* WHAT THE TASK ASKS
Go to the line in the entries below that holds "- C(a+1,b+j-1). *)" and repeat exactly from there through the line that holds "Lemma C_sym p q : C p q = C q p.", inclusive.

————

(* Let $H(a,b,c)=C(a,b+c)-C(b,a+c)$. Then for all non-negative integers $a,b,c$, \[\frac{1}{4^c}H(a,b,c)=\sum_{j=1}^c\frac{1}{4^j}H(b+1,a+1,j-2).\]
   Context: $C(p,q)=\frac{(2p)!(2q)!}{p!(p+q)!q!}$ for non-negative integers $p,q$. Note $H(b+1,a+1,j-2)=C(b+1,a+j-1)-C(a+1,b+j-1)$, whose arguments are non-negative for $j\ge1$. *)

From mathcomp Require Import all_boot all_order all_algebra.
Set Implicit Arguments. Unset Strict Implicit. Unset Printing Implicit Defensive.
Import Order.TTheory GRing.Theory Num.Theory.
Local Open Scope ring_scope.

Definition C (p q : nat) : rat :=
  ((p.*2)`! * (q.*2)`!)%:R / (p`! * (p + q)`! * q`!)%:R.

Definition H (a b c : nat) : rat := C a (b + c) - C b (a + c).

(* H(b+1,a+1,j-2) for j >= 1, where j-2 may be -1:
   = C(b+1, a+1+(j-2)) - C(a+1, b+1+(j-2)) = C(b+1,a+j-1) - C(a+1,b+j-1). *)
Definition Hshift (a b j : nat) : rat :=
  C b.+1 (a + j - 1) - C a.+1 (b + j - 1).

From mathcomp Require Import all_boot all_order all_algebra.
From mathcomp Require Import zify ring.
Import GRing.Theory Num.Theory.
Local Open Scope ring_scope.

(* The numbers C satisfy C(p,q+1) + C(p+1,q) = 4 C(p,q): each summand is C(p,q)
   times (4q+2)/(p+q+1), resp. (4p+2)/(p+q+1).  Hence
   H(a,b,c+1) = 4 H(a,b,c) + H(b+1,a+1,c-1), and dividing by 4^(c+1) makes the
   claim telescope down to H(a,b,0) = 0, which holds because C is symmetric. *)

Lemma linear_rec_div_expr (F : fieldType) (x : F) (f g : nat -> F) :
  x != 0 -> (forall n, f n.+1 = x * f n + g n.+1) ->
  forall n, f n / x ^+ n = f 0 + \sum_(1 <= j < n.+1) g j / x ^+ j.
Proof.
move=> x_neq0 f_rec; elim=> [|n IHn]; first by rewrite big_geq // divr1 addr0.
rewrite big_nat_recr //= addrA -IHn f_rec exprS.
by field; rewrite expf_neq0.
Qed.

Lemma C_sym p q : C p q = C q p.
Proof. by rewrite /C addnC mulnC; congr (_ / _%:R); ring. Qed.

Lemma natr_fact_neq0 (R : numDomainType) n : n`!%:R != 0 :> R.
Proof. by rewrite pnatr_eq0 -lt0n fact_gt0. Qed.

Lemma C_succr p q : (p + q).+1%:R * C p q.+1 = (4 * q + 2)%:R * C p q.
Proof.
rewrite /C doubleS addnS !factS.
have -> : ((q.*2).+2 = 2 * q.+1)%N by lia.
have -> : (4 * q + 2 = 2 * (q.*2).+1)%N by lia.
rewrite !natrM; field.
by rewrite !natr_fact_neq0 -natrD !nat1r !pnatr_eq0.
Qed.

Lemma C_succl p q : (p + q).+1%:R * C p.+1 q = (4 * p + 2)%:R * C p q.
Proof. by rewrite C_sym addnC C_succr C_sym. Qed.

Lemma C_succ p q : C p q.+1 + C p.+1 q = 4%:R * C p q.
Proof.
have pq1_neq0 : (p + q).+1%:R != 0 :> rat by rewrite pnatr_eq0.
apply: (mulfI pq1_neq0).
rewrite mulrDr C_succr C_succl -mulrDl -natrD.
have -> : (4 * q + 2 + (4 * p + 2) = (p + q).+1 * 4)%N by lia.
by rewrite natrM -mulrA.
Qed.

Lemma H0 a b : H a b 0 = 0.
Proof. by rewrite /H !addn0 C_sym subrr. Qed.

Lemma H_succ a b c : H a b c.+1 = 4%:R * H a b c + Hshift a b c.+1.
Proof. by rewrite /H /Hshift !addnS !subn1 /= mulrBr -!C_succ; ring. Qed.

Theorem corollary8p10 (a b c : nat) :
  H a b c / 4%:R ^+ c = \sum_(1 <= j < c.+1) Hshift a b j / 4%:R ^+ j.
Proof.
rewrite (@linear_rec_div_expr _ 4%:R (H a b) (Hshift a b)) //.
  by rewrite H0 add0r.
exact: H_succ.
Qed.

————

* WRITTEN SOLUTION
   = C(b+1, a+1+(j-2)) - C(a+1, b+1+(j-2)) = C(b+1,a+j-1) - C(a+1,b+j-1). *)
Definition Hshift (a b j : nat) : rat :=
  C b.+1 (a + j - 1) - C a.+1 (b + j - 1).

From mathcomp Require Import all_boot all_order all_algebra.
From mathcomp Require Import zify ring.
Import GRing.Theory Num.Theory.
Local Open Scope ring_scope.

(* The numbers C satisfy C(p,q+1) + C(p+1,q) = 4 C(p,q): each summand is C(p,q)
   times (4q+2)/(p+q+1), resp. (4p+2)/(p+q+1).  Hence
   H(a,b,c+1) = 4 H(a,b,c) + H(b+1,a+1,c-1), and dividing by 4^(c+1) makes the
   claim telescope down to H(a,b,0) = 0, which holds because C is symmetric. *)

Lemma linear_rec_div_expr (F : fieldType) (x : F) (f g : nat -> F) :
  x != 0 -> (forall n, f n.+1 = x * f n + g n.+1) ->
  forall n, f n / x ^+ n = f 0 + \sum_(1 <= j < n.+1) g j / x ^+ j.
Proof.
move=> x_neq0 f_rec; elim=> [|n IHn]; first by rewrite big_geq // divr1 addr0.
rewrite big_nat_recr //= addrA -IHn f_rec exprS.
by field; rewrite expf_neq0.
Qed.

Lemma C_sym p q : C p q = C q p.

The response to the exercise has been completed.